(Dataset records)
↓↓↓
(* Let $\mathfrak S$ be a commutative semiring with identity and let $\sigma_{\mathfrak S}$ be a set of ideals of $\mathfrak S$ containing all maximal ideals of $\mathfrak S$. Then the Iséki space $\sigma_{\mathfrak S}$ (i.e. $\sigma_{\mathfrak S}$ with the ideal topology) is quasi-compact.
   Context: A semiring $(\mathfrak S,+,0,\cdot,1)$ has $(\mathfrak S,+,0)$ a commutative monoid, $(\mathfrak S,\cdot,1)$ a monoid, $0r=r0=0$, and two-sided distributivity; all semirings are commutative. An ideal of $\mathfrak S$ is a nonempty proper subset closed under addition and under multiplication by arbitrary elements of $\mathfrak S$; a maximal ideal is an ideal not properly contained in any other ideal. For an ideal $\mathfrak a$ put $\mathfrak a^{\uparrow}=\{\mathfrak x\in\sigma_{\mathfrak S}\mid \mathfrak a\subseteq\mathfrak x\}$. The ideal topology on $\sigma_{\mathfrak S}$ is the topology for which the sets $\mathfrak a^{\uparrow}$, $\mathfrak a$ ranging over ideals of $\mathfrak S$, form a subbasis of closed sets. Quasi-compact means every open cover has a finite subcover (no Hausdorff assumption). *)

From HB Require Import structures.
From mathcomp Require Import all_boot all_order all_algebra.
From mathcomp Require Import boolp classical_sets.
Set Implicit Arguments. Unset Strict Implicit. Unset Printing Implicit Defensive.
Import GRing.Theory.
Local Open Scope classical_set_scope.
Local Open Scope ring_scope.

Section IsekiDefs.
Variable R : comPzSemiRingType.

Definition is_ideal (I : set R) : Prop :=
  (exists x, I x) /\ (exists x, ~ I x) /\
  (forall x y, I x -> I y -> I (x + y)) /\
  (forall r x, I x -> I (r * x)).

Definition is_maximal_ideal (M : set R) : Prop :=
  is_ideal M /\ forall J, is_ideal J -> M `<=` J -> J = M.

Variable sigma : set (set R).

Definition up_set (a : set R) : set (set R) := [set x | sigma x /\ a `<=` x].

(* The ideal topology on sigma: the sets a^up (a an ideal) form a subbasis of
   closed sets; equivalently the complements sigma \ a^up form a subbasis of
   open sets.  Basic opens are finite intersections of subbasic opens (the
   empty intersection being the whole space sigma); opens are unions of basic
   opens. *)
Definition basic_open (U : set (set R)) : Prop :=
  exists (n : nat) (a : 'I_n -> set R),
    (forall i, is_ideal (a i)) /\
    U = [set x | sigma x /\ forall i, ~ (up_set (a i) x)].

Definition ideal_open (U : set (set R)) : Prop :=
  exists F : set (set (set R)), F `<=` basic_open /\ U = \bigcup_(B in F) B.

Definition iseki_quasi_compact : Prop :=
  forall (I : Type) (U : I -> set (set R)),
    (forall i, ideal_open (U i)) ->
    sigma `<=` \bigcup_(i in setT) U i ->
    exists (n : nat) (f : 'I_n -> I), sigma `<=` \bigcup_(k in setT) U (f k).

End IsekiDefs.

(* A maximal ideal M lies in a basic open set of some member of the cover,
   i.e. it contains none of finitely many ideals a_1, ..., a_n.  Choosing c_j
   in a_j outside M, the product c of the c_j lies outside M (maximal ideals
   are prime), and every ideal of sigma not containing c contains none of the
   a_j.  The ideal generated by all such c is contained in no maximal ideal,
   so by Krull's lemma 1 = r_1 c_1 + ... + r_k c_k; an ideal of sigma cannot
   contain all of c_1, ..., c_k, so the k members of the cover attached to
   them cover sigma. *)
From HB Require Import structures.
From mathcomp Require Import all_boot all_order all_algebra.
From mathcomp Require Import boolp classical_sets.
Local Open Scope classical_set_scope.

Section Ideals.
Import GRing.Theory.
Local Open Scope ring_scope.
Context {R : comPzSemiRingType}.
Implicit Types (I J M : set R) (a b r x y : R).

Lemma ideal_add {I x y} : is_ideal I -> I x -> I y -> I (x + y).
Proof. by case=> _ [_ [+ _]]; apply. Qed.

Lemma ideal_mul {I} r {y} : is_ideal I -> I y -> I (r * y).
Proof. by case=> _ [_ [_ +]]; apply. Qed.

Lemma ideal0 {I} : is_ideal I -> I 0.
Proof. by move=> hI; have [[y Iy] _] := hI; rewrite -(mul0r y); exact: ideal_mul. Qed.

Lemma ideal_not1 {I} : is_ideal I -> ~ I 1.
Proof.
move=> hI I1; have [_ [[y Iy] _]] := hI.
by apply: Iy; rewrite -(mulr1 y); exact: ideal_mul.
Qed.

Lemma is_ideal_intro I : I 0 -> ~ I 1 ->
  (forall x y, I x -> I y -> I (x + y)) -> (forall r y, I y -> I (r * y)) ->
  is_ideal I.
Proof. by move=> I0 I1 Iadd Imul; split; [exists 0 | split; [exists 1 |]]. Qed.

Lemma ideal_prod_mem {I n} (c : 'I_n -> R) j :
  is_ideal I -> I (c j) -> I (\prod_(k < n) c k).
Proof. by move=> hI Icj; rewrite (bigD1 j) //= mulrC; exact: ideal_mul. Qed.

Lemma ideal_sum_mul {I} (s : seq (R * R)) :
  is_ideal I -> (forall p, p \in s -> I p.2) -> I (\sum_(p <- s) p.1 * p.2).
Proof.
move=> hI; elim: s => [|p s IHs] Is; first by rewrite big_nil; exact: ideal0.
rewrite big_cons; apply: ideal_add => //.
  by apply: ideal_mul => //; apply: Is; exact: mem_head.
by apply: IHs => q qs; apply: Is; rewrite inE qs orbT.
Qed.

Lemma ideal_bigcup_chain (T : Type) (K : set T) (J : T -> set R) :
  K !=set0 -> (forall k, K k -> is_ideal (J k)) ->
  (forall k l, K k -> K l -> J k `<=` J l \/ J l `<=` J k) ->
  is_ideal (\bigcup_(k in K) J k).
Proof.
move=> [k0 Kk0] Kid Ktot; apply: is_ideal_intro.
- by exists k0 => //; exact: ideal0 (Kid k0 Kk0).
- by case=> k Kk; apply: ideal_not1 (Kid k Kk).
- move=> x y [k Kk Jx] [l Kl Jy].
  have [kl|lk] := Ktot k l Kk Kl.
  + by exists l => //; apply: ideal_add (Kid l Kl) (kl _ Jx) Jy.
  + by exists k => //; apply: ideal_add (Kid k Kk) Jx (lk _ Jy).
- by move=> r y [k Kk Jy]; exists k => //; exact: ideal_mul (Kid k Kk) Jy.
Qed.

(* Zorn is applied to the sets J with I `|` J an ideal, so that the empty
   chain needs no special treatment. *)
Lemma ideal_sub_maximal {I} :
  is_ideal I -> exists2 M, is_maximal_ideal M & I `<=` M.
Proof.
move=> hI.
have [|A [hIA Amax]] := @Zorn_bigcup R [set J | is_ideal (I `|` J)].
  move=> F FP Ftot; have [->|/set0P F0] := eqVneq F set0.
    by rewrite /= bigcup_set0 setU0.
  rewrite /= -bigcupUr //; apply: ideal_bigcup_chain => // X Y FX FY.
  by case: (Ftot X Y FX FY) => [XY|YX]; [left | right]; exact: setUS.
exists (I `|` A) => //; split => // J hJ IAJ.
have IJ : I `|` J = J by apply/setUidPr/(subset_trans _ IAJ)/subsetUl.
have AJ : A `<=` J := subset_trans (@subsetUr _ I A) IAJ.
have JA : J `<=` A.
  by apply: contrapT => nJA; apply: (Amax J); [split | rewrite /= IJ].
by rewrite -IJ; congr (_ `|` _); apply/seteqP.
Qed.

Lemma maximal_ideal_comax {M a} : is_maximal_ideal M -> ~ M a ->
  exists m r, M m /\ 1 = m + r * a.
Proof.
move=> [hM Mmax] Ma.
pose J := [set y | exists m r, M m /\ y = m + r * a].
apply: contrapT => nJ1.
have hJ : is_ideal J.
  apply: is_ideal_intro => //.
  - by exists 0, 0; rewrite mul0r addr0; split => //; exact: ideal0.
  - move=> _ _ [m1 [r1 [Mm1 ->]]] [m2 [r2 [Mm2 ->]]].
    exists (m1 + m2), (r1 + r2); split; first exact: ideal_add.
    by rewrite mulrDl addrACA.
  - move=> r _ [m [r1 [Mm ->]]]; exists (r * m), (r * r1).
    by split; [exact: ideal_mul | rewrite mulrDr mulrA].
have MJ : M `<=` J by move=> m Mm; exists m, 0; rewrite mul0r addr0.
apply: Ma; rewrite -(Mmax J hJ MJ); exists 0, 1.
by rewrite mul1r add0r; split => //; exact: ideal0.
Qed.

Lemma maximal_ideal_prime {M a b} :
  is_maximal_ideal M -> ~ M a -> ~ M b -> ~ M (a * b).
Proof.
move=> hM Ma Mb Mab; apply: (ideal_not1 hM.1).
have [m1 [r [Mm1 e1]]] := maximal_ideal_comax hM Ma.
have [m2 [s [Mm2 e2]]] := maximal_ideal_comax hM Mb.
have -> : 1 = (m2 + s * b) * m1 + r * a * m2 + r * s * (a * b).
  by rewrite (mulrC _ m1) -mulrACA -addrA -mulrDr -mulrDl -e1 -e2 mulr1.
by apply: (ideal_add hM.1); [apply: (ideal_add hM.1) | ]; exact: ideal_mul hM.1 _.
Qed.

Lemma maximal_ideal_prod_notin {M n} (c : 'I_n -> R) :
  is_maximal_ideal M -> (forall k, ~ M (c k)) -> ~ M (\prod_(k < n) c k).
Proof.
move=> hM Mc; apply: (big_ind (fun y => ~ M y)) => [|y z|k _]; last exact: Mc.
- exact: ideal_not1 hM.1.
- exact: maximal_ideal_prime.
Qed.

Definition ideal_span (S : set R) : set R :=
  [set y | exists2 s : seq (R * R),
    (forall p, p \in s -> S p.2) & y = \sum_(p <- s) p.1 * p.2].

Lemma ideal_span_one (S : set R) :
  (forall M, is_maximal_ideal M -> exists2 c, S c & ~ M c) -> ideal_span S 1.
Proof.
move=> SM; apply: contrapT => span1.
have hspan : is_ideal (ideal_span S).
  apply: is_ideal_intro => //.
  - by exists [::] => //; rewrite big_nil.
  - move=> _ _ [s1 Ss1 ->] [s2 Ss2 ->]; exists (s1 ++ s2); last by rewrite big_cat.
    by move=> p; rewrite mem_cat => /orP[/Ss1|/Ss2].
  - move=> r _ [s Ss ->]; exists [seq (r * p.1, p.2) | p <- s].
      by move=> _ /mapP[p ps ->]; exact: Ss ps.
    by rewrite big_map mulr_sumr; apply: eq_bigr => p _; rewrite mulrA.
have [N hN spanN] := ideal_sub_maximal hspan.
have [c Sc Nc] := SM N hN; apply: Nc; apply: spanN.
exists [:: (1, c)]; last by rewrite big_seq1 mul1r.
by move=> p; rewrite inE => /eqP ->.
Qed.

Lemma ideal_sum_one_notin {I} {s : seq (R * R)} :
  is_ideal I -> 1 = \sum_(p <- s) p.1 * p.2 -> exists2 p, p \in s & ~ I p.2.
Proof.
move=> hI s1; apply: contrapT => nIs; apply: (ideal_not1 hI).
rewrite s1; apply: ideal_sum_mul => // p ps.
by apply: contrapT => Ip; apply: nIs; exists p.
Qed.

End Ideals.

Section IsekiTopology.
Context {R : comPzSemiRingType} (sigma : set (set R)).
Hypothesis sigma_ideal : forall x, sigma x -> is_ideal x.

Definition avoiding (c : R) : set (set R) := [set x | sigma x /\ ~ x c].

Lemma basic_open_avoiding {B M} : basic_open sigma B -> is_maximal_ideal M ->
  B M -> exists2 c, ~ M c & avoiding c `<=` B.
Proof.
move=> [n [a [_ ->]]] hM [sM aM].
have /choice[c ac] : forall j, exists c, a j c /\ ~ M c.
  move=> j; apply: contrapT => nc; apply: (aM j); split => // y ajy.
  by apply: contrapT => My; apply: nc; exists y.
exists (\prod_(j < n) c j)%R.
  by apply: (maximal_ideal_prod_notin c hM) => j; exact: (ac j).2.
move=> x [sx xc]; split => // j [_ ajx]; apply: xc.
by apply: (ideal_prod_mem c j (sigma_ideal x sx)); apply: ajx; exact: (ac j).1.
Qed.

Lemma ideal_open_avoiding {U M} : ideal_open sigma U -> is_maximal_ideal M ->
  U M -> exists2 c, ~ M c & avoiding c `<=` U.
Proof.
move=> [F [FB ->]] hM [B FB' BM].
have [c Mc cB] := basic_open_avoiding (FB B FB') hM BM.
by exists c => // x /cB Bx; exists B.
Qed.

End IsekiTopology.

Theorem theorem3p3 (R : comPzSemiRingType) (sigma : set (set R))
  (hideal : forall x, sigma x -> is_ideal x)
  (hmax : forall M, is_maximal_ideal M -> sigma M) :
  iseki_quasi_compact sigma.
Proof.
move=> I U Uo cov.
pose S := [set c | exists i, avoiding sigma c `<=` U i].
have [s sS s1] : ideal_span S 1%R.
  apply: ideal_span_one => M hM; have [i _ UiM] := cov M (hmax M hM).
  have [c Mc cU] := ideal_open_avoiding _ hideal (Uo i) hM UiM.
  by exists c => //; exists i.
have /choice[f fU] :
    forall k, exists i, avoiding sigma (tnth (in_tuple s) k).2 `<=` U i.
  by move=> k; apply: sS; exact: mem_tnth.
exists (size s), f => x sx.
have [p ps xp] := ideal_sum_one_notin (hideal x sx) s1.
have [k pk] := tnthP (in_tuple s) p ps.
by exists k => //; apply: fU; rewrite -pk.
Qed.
↑↑↑
> What is required
Only the lines above starting at the one containing "is_ideal I -> 1" and ending at the one containing "set (set R)).", both included, are to be returned, exactly as they read.

> Solution for this problem
  is_ideal I -> 1 = \sum_(p <- s) p.1 * p.2 -> exists2 p, p \in s & ~ I p.2.
Proof.
move=> hI s1; apply: contrapT => nIs; apply: (ideal_not1 hI).
rewrite s1; apply: ideal_sum_mul => // p ps.
by apply: contrapT => Ip; apply: nIs; exists p.
Qed.

End Ideals.

Section IsekiTopology.
Context {R : comPzSemiRingType} (sigma : set (set R)).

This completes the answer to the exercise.